Lemma z0o_decr_zden (gam c1 c2 nu1 nu2 rho : R) :
  0 < gam -> 0 < c1 -> 0 < c2 -> 0 < nu1 -> 0 < nu2 -> -1 < rho < 1 ->
  zden gam c1 nu1 rho < zden gam c2 nu2 rho ->
  z0o n gam c2 nu2 rho <= z0o n gam c1 nu1 rho
  /\ (rho != 0 -> z0o n gam c2 nu2 rho < z0o n gam c1 nu1 rho).
Proof.
move=> g0 c10 c20 nu10 nu20 rr D12.
have inv_lt : (zden gam c2 nu2 rho)^-1 < (zden gam c1 nu1 rho)^-1.
  by rewrite ltf_pV2 ?posrE ?zden_gt0.
have [le lt] := ler_ltr_wpM2l (sqr_ge0 rho) inv_lt.
rewrite !z0oE //; split=> // rho0.
by apply: lt; rewrite exprn_even_gt0.
Qed.

Lemma z0d_decr_zden (gam c1 c2 nu1 nu2 rho : R) :
  0 < gam -> 0 < c1 -> 0 < c2 -> 0 < nu1 -> 0 < nu2 -> -1 < rho < 1 ->
  zden gam c1 nu1 rho < zden gam c2 nu2 rho ->
  z0d n gam c2 nu2 rho < z0d n gam c1 nu1 rho.
Proof.
move=> g0 c10 c20 nu10 nu20 rr D12.
by rewrite !z0dE // ltr_pM2l ?zweight_gt0 // ltf_pV2 ?posrE ?zden_gt0.
Qed.

Lemma z0o_decr_c (gam c1 c2 nu rho : R) :
  0 < gam -> 0 < c1 -> c1 < c2 -> 0 < nu -> -1 < rho < 1 ->
  z0o n gam c2 nu rho <= z0o n gam c1 nu rho
  /\ (rho != 0 -> z0o n gam c2 nu rho < z0o n gam c1 nu rho).
Proof.
move=> g0 c10 c12 nu0 rr.
by apply: z0o_decr_zden => //; [lra | exact: zden_ltr_c].
Qed.

Lemma z0o_decr_nu (gam c nu1 nu2 rho : R) :
  0 < gam -> 0 < c -> 0 < nu1 -> nu1 < nu2 -> -1 < rho < 1 ->
  z0o n gam c nu2 rho <= z0o n gam c nu1 rho
  /\ (rho != 0 -> z0o n gam c nu2 rho < z0o n gam c nu1 rho).
Proof.
move=> g0 c0 nu10 nu12 rr.
by apply: z0o_decr_zden => //; [lra | exact: zden_ltr_nu].
Qed.

Lemma z0d_decr_c (gam c1 c2 nu rho : R) :
  0 < gam -> 0 < c1 -> c1 < c2 -> 0 < nu -> -1 < rho < 1 ->
  z0d n gam c2 nu rho < z0d n gam c1 nu rho.
Proof.
move=> g0 c10 c12 nu0 rr.
by apply: z0d_decr_zden => //; [lra | exact: zden_ltr_c].
Qed.

Lemma z0d_decr_nu (gam c nu1 nu2 rho : R) :
  0 < gam -> 0 < c -> 0 < nu1 -> nu1 < nu2 -> -1 < rho < 1 ->
  z0d n gam c nu2 rho < z0d n gam c nu1 rho.
Proof.
move=> g0 c0 nu10 nu12 rr.
by apply: z0d_decr_zden => //; [lra | exact: zden_ltr_nu].
Qed.

Section Maximiser.
Variables (sigma gam c nu rho : R).
Hypotheses (sigma_gt0 : 0 < sigma) (gam_gt0 : 0 < gam) (c_gt0 : 0 < c) (nu_gt0 : 0 < nu).
Hypothesis rho_bounds : -1 < rho < 1.

Let sqrtn_gt0 : 0 < Num.sqrt n%:R :> R. Proof. by rewrite sqrtr_gt0 ltr0n. Qed.

Definition row_cost (y : 'I_n -> R) (s : R) (i : 'I_n) : R :=
  y i ^+ 2 / (2 * c) + gam / 2 * \sum_(j < n) nu ^+ 2 * y j ^+ 2
  + gam * sigma ^+ 2 / 2 * s ^+ 2
  + gam * sigma / Num.sqrt n%:R * s * \sum_(j < n) rho * nu * y j
  - y i / c.

Definition penalty (z : 'M[R]_n * 'cV[R]_n) : R :=
  (2 * n%:R ^+ 2)^-1 * \sum_(i < n)
    ((nu - nu * \sum_(j < n) z.1 j i
         - rho * sigma / Num.sqrt n%:R * \sum_(j < n) z.2 j 0) ^+ 2
     + (1 - rho ^+ 2) * sigma ^+ 2 / n%:R * (\sum_(j < n) z.2 j 0) ^+ 2).

Lemma fhomE (gP : R) (z : 'M[R]_n * 'cV[R]_n) :
  fhom sigma gP c gam nu rho z
  = - n%:R^-1 * \sum_(i < n) row_cost (fun j => z.1 i j) (z.2 i 0) i - gP * penalty z.
Proof. by rewrite /fhom /fobj /row_cost /penalty /=; ring. Qed.

Lemma penalty_ge0 (z : 'M[R]_n * 'cV[R]_n) : 0 <= penalty z.
Proof.
have r2 := subr_sqr_gt0 rho_bounds.
rewrite /penalty mulr_ge0 ?invr_ge0 ?mulr_ge0 ?exprn_ge0 ?ler0n //.
apply: sumr_ge0 => i _; apply: addr_ge0; first exact: sqr_ge0.
by rewrite mulr_ge0 ?sqr_ge0 // divr_ge0 ?ler0n // mulr_ge0 ?sqr_ge0 ?ltW.
Qed.

Definition row_quad (h : 'I_n -> R) (t : R) (i : 'I_n) : R :=
  h i ^+ 2 / (2 * c) + gam / 2 * \sum_(j < n) (nu * h j + sigma * rho * t / Num.sqrt n%:R) ^+ 2
  + gam * sigma ^+ 2 * (1 - rho ^+ 2) / 2 * t ^+ 2.

Lemma row_costE (y : 'I_n -> R) (s : R) (i : 'I_n) :
  row_cost y s i = row_quad y s i - y i / c.
Proof.
rewrite /row_cost /row_quad sum_sqr_affine -!mulr_sumr.
have sqrtnK : Num.sqrt n%:R ^+ 2 = n%:R :> R by rewrite sqr_sqrtr ?ler0n.
move: sqrtn_gt0 sqrtnK; set r := Num.sqrt n%:R => r0 <-.
by field; rewrite !gt_eqF.
Qed.

Definition zstar : 'M[R]_n * 'cV[R]_n :=
  (\matrix_(i, j) (if i == j then z0d n gam c nu rho else z0o n gam c nu rho),
   \col_i z0s n sigma gam c nu rho).

Let zs := z0s n sigma gam c nu rho.
Let zd := z0d n gam c nu rho.
Let zo := z0o n gam c nu rho.

Lemma z0_stationary_offdiag : nu * zo + sigma * rho * zs / Num.sqrt n%:R = 0.
Proof.
have D0 := zden_gt0 gam_gt0 c_gt0 nu_gt0 rho_bounds.
rewrite /zo /zs z0oE // z0sE //.
by move: sqrtn_gt0; set r := Num.sqrt _ => r0; field; rewrite !gt_eqF.
Qed.

Lemma z0_stationary_diag :
  (zd - 1) / c + gam * nu * (nu * zd + sigma * rho * zs / Num.sqrt n%:R) = 0.
Proof.
have := zden_gt0 gam_gt0 c_gt0 nu_gt0 rho_bounds.
rewrite /zd /zs z0dE // z0sE // /zden /zweight.
by move: sqrtn_gt0; set r := Num.sqrt _ => r0 D0; field; rewrite !gt_eqF.
Qed.

Lemma z0_stationary_s : gam * (nu * zd + sigma * rho * zs / Num.sqrt n%:R) * sigma * rho
  / Num.sqrt n%:R + gam * sigma ^+ 2 * (1 - rho ^+ 2) * zs = 0.
Proof.
have sqrtnK : Num.sqrt n%:R ^+ 2 = n%:R :> R by rewrite sqr_sqrtr ?ler0n.
have := zden_gt0 gam_gt0 c_gt0 nu_gt0 rho_bounds.
rewrite /zd /zs z0dE // z0sE // /zden /zweight.
move: sqrtn_gt0 sqrtnK; set r := Num.sqrt _ => r0 <- D0.
by field; rewrite !gt_eqF.
Qed.

Lemma row_cost_expand (y : 'I_n -> R) (s : R) (i : 'I_n) :
  row_cost y s i = row_cost (fun j => zstar.1 i j) zs i
                   + row_quad (fun j => y j - zstar.1 i j) (s - zs) i.
Proof.
have zE j : zstar.1 i j = if i == j then zd else zo by rewrite mxE.
rewrite !row_costE /row_quad.
set v := fun x t => nu * x + sigma * rho * t / Num.sqrt n%:R.
have cross : \sum_(j < n) v (zstar.1 i j) zs * v (y j - zstar.1 i j) (s - zs)
             = v zd zs * v (y i - zd) (s - zs).
  rewrite (bigD1 i) //= big1 ?addr0 ?zE ?eqxx // => j ji.
  by rewrite zE eq_sym (negbTE ji) /v z0_stationary_offdiag mul0r.
have split_sum : \sum_(j < n) v (y j) s ^+ 2 = \sum_(j < n) v (zstar.1 i j) zs ^+ 2
    + 2 * \sum_(j < n) v (zstar.1 i j) zs * v (y j - zstar.1 i j) (s - zs)
    + \sum_(j < n) v (y j - zstar.1 i j) (s - zs) ^+ 2.
  rewrite mulr_sumr -!big_split; apply: eq_bigr => j _ /=.
  by rewrite /v; field; rewrite gt_eqF.
rewrite split_sum cross !zE eqxx.
(* The part linear in the deviation vanishes by stationarity. *)
apply/eqP; rewrite -subr_eq0; apply/eqP.
transitivity ((y i - zd) * ((zd - 1) / c + gam * nu * v zd zs)
  + (s - zs) * (gam * v zd zs * sigma * rho / Num.sqrt n%:R
                + gam * sigma ^+ 2 * (1 - rho ^+ 2) * zs)).
  by rewrite /v; field; rewrite !gt_eqF.
by rewrite /v z0_stationary_diag z0_stationary_s !mulr0 addr0.
Qed.

Let kap := gam * sigma ^+ 2 * (1 - rho ^+ 2) / 2.

Let kap_gt0 : 0 < kap.
Proof. by rewrite divr_gt0 // mulr_gt0 ?subr_sqr_gt0 // mulr_gt0 // exprn_gt0. Qed.

Lemma row_quad_bounds (h : 'I_n -> R) (t : R) (i : 'I_n) :
  [/\ 0 <= row_quad h t i, kap * t ^+ 2 <= row_quad h t i &
      forall j, gam / 2 * (nu * h j + sigma * rho * t / Num.sqrt n%:R) ^+ 2
                <= row_quad h t i].
Proof.
set v := fun j => (nu * h j + sigma * rho * t / Num.sqrt n%:R) ^+ 2.
have g2 : 0 < gam / 2 by rewrite divr_gt0.
have a0 : 0 <= h i ^+ 2 / (2 * c) by rewrite divr_ge0 ?sqr_ge0 // mulr_ge0 // ltW.
have vj j : gam / 2 * v j <= gam / 2 * \sum_(k < n) v k.
  by rewrite ler_pM2l // ler_sum_term // => k; exact: sqr_ge0.
have V0 : 0 <= gam / 2 * \sum_(k < n) v k.
  by rewrite mulr_ge0 ?sumr_ge0 ?ltW // => k _; exact: sqr_ge0.
have T0 : 0 <= kap * t ^+ 2 by rewrite mulr_ge0 ?sqr_ge0 ?ltW.
rewrite /row_quad -/kap -/(\sum_(k < n) v k); split => [|| j]; first by lra.
  by lra.
by have := vj j; rewrite /v; lra.
Qed.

------------------------------

## ASSIGNMENT
Please state how many lines in the records contain the word "sqrtnK", and give only that number.

## RESPONSE TO THIS EXERCISE
4